**Records supplied:**
(* Pad the high-degree set [B] with vertices of [X] that have neither high nor low
   degree up to the least size [K >= eps |X|] at which regularity applies; the upper
   bound on the padded set minus the lower bound on the padding bounds [e(B, Y)]. *)
Lemma high_deg_edges_le tau : 0 < eps -> eps < 1/2 -> 0 <= eta ->
  (0 < #|X|)%N -> (0 < #|Y|)%N -> (D + eta) * #|Y|%:R <= tau ->
  (edges_between e (high_deg_set tau) Y)%:R
    <= #|high_deg_set tau|%:R * (D + eta) * #|Y|%:R + 2 * eps * eta * #|X|%:R * #|Y|%:R.
Proof.
move=> eps_gt0 eps_lt eta_ge0 X_gt0 Y_gt0 tau_ge.
set B := high_deg_set tau; set n := #|X|; set m := #|Y|; set k := #|B|.
have n_gt0 : (0 : R) < n%:R by rewrite ltr0n.
have epsn_gt0 : 0 < eps * n%:R by apply: mulr_gt0.
have slack_ge0 : 0 <= 2 * eps * eta * n%:R * m%:R by rewrite !mulr_ge0 //; lra.
have [k0 | k_gt0] := posnP k.
  have -> : B = set0 by apply/eqP; rewrite -cards_eq0 -/k k0.
  by rewrite edges_between_natr big_set0 k0 !mul0r add0r.
have [K [K_ge1 epsn_le ltK]] : exists K : nat, [/\ (1 <= K)%N, eps * n%:R <= K%:R & K.-1%:R < eps * n%:R].
  apply: exists_nat_ceil => //; rewrite -[leRHS]mul1r.
  by apply: ler_wpM2r; [exact: ler0n | lra].
have kK : (k <= K)%N by rewrite -(ler_nat R); apply: le_trans epsn_le; apply: card_high_deg_le.
have LK : (#|low_deg_set| + K <= n)%N.
  suff : (#|low_deg_set| + K.-1 < n)%N by lia.
  by rewrite -(ltr_nat R) natrD; have := card_low_deg_lt eps_gt0 X_gt0 Y_gt0; nra.
have [S SC cardS] : exists2 S : {set T}, S \subset X :\: (B :|: low_deg_set) & #|S| = (K - k)%N.
  apply: exists_subset_card; rewrite cardsD.
  have : (#|X :&: (B :|: low_deg_set)| <= k + #|low_deg_set|)%N.
    by apply: leq_trans (subset_leq_card (subsetIr _ _)) _; rewrite cardsU leq_subr.
  lia.
have BS : [disjoint B & S].
  rewrite -setI_eq0; apply/eqP/setP => x; rewrite !inE.
  by apply/negP => /andP[xB /(subsetP SC)]; rewrite !inE xB.
have BS_X : B :|: S \subset X.
  by rewrite subUset high_deg_set_sub (subset_trans SC) ?subsetDl.
have cardBS : #|B :|: S| = K by rewrite cardsU (disjoint_setI0 BS) cards0 subn0 cardS subnKC.
have BS_big : eps * n%:R <= #|B :|: S|%:R by rewrite cardBS.
have [_ hi] := edges_between_close epsn_gt0 Y_gt0 BS_X BS_big.
rewrite cardBS edges_betweenUl // natrD in hi.
have S_lo : (K - k)%:R * ((D - eta) * m%:R) <= (edges_between e S Y)%:R.
  rewrite -cardS edges_between_natr; apply: card_mul_le_sum => x /(subsetP SC).
  rewrite in_setD in_setU negb_or => /andP[/andP[_ xL] xX].
  by move: xL; rewrite inE xX /= -leNgt.
rewrite natrB // in S_lo.
have K_le : K%:R <= eps * n%:R + k%:R :> R.
  have : 1 <= k%:R :> R by rewrite ler1n.
  by case: (K) K_ge1 ltK => // K' _ /=; rewrite -natr1; lra.
have : 2 * eta * K%:R * m%:R <= 2 * eta * (eps * n%:R + k%:R) * m%:R.
  by apply: ler_wpM2r; [exact: ler0n | apply: ler_wpM2l => //; lra].
nra.
Qed.

End HighDegree.

Section Pairs.
Variables (R : realFieldType) (T : finType) (e : rel T).
Implicit Types X Y : {set T}.

Lemma densityC X Y : symmetric e -> density e X Y = density e Y X :> R.
Proof. by move=> e_sym; rewrite /density edges_betweenC // mulnC. Qed.

Lemma density_gt0_card X Y : 0 < density e X Y :> R -> (0 < #|X|)%N /\ (0 < #|Y|)%N.
Proof.
rewrite /density; case: (posnP #|X|) => [-> | X_gt0]; first by rewrite mul0n invr0 mulr0 ltxx.
by case: (posnP #|Y|) => [-> | //]; rewrite muln0 invr0 mulr0 ltxx.
Qed.

Lemma regular_pair_left (eps p : R) X Y : eps <= 1 -> regular_pair e eps p X Y ->
  forall X', X' \subset X -> eps * #|X|%:R <= #|X'|%:R ->
  `|density e X Y - density e X' Y| <= eps * p.
Proof.
move=> eps_le1 XY_reg X' X'X X'_ge; apply: XY_reg => //.
by rewrite -[leRHS]mul1r; apply: ler_wpM2r.
Qed.

Lemma regular_pairC (eps p : R) X Y : symmetric e ->
  regular_pair e eps p X Y -> regular_pair e eps p Y X.
Proof.
move=> e_sym XY_reg Y' X' Y'Y X'X Y'_ge X'_ge.
by rewrite (densityC Y X e_sym) (densityC Y' X' e_sym); exact: XY_reg.
Qed.

Lemma regular_pair_right (eps p : R) X Y : symmetric e -> eps <= 1 ->
  regular_pair e eps p X Y ->
  forall Y', Y' \subset Y -> eps * #|Y|%:R <= #|Y'|%:R ->
  `|density e X Y - density e Y' X| <= eps * p.
Proof.
move=> e_sym eps_le1 /(regular_pairC e_sym) YX_reg.
by rewrite densityC //; exact: regular_pair_left.
Qed.

Lemma deg_high_deg_setD X Y Y' (tau : R) x : Y' \subset Y ->
  x \in X :\: high_deg_set e X Y tau -> (deg e Y' x)%:R <= tau.
Proof.
move=> Y'Y; rewrite !inE negb_and => /andP[/orP[/negP // | ]].
rewrite -leNgt => /[swap] _; apply: le_trans.
by rewrite ler_nat; apply/subset_leq_card/setIS.
Qed.

Lemma edges_between_le_good (eps p d12 d13 : R) (V1 V2 V3 N2 N3 X Y : {set T}) :
  X \subset N2 -> Y \subset N3 ->
  (edges_between e X Y <= good_edges_between e eps p d12 d13 V1 V2 V3 X Y
     + #|[set xy in setX N2 N3 | e xy.1 xy.2 &&
                                 ~~ good_edge e eps p d12 d13 V1 V2 V3 xy.1 xy.2]|)%N.
Proof.
move=> XN2 YN3; apply: leq_trans (leq_card_setU _ _); apply: subset_leq_card.
apply/subsetP => -[x y]; rewrite !inE /= => /andP[/andP[xX yY] xy].
rewrite xX yY xy (subsetP XN2 x xX) (subsetP YN3 y yY) /=.
by case: good_edge.
Qed.

End Pairs.

Lemma part_bounds (R : realFieldType) (T : finType) (eps A : R) (N X : {set T}) :
  0 < eps -> eps <= 1 -> approx #|N|%:R eps A -> X \subset N ->
  (1 - eps) * #|N|%:R <= #|X|%:R -> (0 < #|X|)%N ->
  [/\ 0 < A, (1 - eps) ^+ 2 * A <= #|X|%:R & #|X|%:R <= (1 + eps) * A].
Proof.
move=> eps_gt0 eps_le1 /andP[N_ge N_le] XN X_ge X_gt0.
have XN' : #|X|%:R <= #|N|%:R :> R by rewrite ler_nat; exact: subset_leq_card.
have X_gt0' : (0 : R) < #|X|%:R by rewrite ltr0n.
have A_gt0 : 0 < A by nra.
by split => //; nra.
Qed.

Lemma cleaned_edges_ge (R : realFieldType) (T : finType) (e : rel T)
    (eps delta p d23 A2 A3 tau2 tau3 : R) (N2 N3 X Y : {set T}) :
  symmetric e -> 0 < eps -> eps < 1/2 -> 0 < delta -> delta <= d23 -> 0 < p ->
  approx #|N2|%:R eps A2 -> approx #|N3|%:R eps A3 ->
  X \subset N2 -> Y \subset N3 ->
  (1 - eps) * #|N2|%:R <= #|X|%:R -> (1 - eps) * #|N3|%:R <= #|Y|%:R ->
  regular_pair e eps p X Y -> approx (density e X Y) eps (d23 * p) ->
  tau2 = (1 + 2 * eps / delta) * (1 + eps) ^+ 2 * d23 * p * A3 ->
  tau3 = (1 + 2 * eps / delta) * (1 + eps) ^+ 2 * d23 * p * A2 ->
  (1 - 5 * eps - 2 * eps / delta) * (d23 * p * A2 * A3)
    <= (edges_between e (X :\: high_deg_set e X Y tau2) (Y :\: high_deg_set e Y X tau3))%:R.
Proof.
move=> e_sym eps_gt0 eps_lt delta_gt0 delta_le p_gt0 N2_approx N3_approx
  XN2 YN3 X_ge Y_ge XY_reg /andP[D_ge D_le] tau2E tau3E.
set D := density e X Y in XY_reg D_ge D_le *; set n := #|X|; set m := #|Y|.
have [eps_big | eps_small] := ltrP (1/5) eps.
  apply: le_trans (ler0n _ _); apply: mulr_le0_ge0.
    have : 0 <= 2 * eps / delta by apply: divr_ge0; lra.
    lra.
  have A2_ge0 : 0 <= A2 by case/andP: N2_approx => _; have := ler0n R #|N2|; nra.
  have A3_ge0 : 0 <= A3 by case/andP: N3_approx => _; have := ler0n R #|N3|; nra.
  by rewrite !mulr_ge0 //; lra.
have eps_le1 : eps <= 1 by lra.
have D_gt0 : 0 < D by nra.
have [X_gt0 Y_gt0] := density_gt0_card D_gt0.
have [A2_gt0 n_ge n_le] := part_bounds eps_gt0 eps_le1 N2_approx XN2 X_ge X_gt0.
have [A3_gt0 m_ge m_le] := part_bounds eps_gt0 eps_le1 N3_approx YN3 Y_ge Y_gt0.
have eta_ge0 : 0 <= eps * p by apply: mulr_ge0; lra.
have Xreg := regular_pair_left eps_le1 XY_reg.
have Yreg := regular_pair_right e_sym eps_le1 XY_reg.
have tau2_ge : (D + eps * p) * m%:R <= tau2.
  by rewrite tau2E; apply: threshold_ge => //; lra.
have tau3_ge : (D + eps * p) * n%:R <= tau3.
  by rewrite tau3E; apply: threshold_ge => //; lra.
have k2_le := card_high_deg_le Xreg eps_gt0 X_gt0 Y_gt0 tau2_ge.
have k3_le := card_high_deg_le Yreg eps_gt0 Y_gt0 X_gt0 tau3_ge.
have lo2_ge := high_deg_edges_ge e X Y tau2; rewrite {2}tau2E in lo2_ge.
have lo3_ge := high_deg_edges_ge e Y X tau3; rewrite {2}tau3E in lo3_ge.
have lo2_le := high_deg_edges_le Xreg eps_gt0 eps_lt eta_ge0 X_gt0 Y_gt0 tau2_ge.
have lo3_le := high_deg_edges_le Yreg eps_gt0 eps_lt eta_ge0 Y_gt0 X_gt0 tau3_ge.
rewrite [_ * m%:R * n%:R]mulrAC in lo3_le.
have := cleaning_loss_le eps_gt0 eps_small delta_gt0 delta_le p_gt0 A2_gt0 A3_gt0
  n_ge n_le m_ge m_le D_ge D_le (ler0n _ _) k2_le lo2_ge lo2_le (ler0n _ _) k3_le lo3_ge lo3_le.
have := edges_between_le_remove e_sym (high_deg_set_sub e X Y tau2) (high_deg_set_sub e Y X tau3); rewrite -(ler_nat R) !natrD.
have -> : (edges_between e X Y)%:R = D * n%:R * m%:R.
  by rewrite /D /density natrM; field; rewrite !gt_eqF ?ltr0n.
lra.
Qed.

Theorem proposition2p14 (R : realFieldType) (T : finType) (e : rel T)
  (e_sym : symmetric e) (e_irr : irreflexive e)
  (eps delta p : R) (V1 V2 V3 : {set T}) (d12 d13 d23 : R) :
  0 < eps -> 0 < delta -> 0 < p -> eps < 1 / 2 ->
  [disjoint V1 & V2] -> [disjoint V1 & V3] -> [disjoint V2 & V3] ->
  density e V1 V2 = d12 * p -> density e V1 V3 = d13 * p ->
  density e V2 V3 = d23 * p ->
  delta <= d12 -> delta <= d13 -> delta <= d23 ->
  forall v : T, v \in V1 -> typical e eps p d12 d13 d23 V2 V3 v ->
  exists N2 N3 : {set T},
    [/\ N2 \subset nbhd e v :&: V2, N3 \subset nbhd e v :&: V3,
        (* (i) *)
        (1 - 6%:R * eps - 2%:R * eps / delta) * d12 * d13 * d23 * p ^+ 3
          * #|V2|%:R * #|V3|%:R <= (edges_between e N2 N3)%:R,
        (good_vertex e eps p d12 d13 d23 V1 V2 V3 v ->
          (1 - 6%:R * eps - 2%:R * eps / delta) * d12 * d13 * d23 * p ^+ 3
            * #|V2|%:R * #|V3|%:R
          <= (good_edges_between e eps p d12 d13 V1 V2 V3 N2 N3)%:R) &
        (* (ii) *)
        ((forall x, x \in N2 ->
          #|nbhd e x :&: N3|%:R <=
            (1 + 2%:R * eps / delta) * (1 + eps) ^+ 2 * d13 * d23 * p ^+ 2 * #|V3|%:R) /\
        (forall y, y \in N3 ->
          #|nbhd e y :&: N2|%:R <=
            (1 + 2%:R * eps / delta) * (1 + eps) ^+ 2 * d12 * d23 * p ^+ 2 * #|V2|%:R))].
Proof.
move=> eps_gt0 delta_gt0 p_gt0 eps_lt _ _ _ _ _ _ d12_ge d13_ge d23_ge v _
  [N2_approx [N3_approx [X [Y [XN2 YN3 X_ge Y_ge [XY_reg D_approx]]]]]].
set A2 := d12 * p * #|V2|%:R; set A3 := d13 * p * #|V3|%:R.
set tau2 := (1 + 2%:R * eps / delta) * (1 + eps) ^+ 2 * d13 * d23 * p ^+ 2 * #|V3|%:R.
set tau3 := (1 + 2%:R * eps / delta) * (1 + eps) ^+ 2 * d12 * d23 * p ^+ 2 * #|V2|%:R.
have tau2E : tau2 = (1 + 2 * eps / delta) * (1 + eps) ^+ 2 * d23 * p * A3.
  by rewrite /tau2 /A3; ring.
have tau3E : tau3 = (1 + 2 * eps / delta) * (1 + eps) ^+ 2 * d23 * p * A2.
  by rewrite /tau3 /A2; ring.
have edges_ge := cleaned_edges_ge e_sym eps_gt0 eps_lt delta_gt0 d23_ge p_gt0
  N2_approx N3_approx XN2 YN3 X_ge Y_ge XY_reg D_approx tau2E tau3E.
set bound := _ * d12 * d13 * d23 * p ^+ 3 * #|V2|%:R * #|V3|%:R.
set DD := d23 * p * A2 * A3 in edges_ge *.
have boundE : bound = (1 - 5 * eps - 2 * eps / delta) * DD - eps * DD.
  by rewrite /bound /DD /A2 /A3; ring.
have epsDD_ge0 : 0 <= eps * DD by rewrite /DD /A2 /A3 !mulr_ge0 ?ler0n //; lra.
have X'N2 := subset_trans (subsetDl X (high_deg_set e X Y tau2)) XN2.
have Y'N3 := subset_trans (subsetDl Y (high_deg_set e Y X tau3)) YN3.
exists (X :\: high_deg_set e X Y tau2), (Y :\: high_deg_set e Y X tau3); split => //.
- by move: edges_ge; rewrite boundE; lra.
- move=> [_ bad_le]; rewrite boundE.
  have := edges_between_le_good e eps p d12 d13 V1 V2 V3 X'N2 Y'N3.
  rewrite -(ler_nat R) natrD; move: bad_le edges_ge.
  have -> : eps * d12 * d13 * d23 * p ^+ 3 * #|V2|%:R * #|V3|%:R = eps * DD.
    by rewrite /DD /A2 /A3; ring.
  lra.
- by split=> x /deg_high_deg_setD; apply; exact: subsetDl.
Qed.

**Directions for this task:** Return only the stretch of the material above from the line holding "apply: exists_nat_ceil =>" through the line holding "suff : (#|low_deg_set|", copied exactly.

**Expected answer:**
  apply: exists_nat_ceil => //; rewrite -[leRHS]mul1r.
  by apply: ler_wpM2r; [exact: ler0n | lra].
have kK : (k <= K)%N by rewrite -(ler_nat R); apply: le_trans epsn_le; apply: card_high_deg_le.
have LK : (#|low_deg_set| + K <= n)%N.
  suff : (#|low_deg_set| + K.-1 < n)%N by lia.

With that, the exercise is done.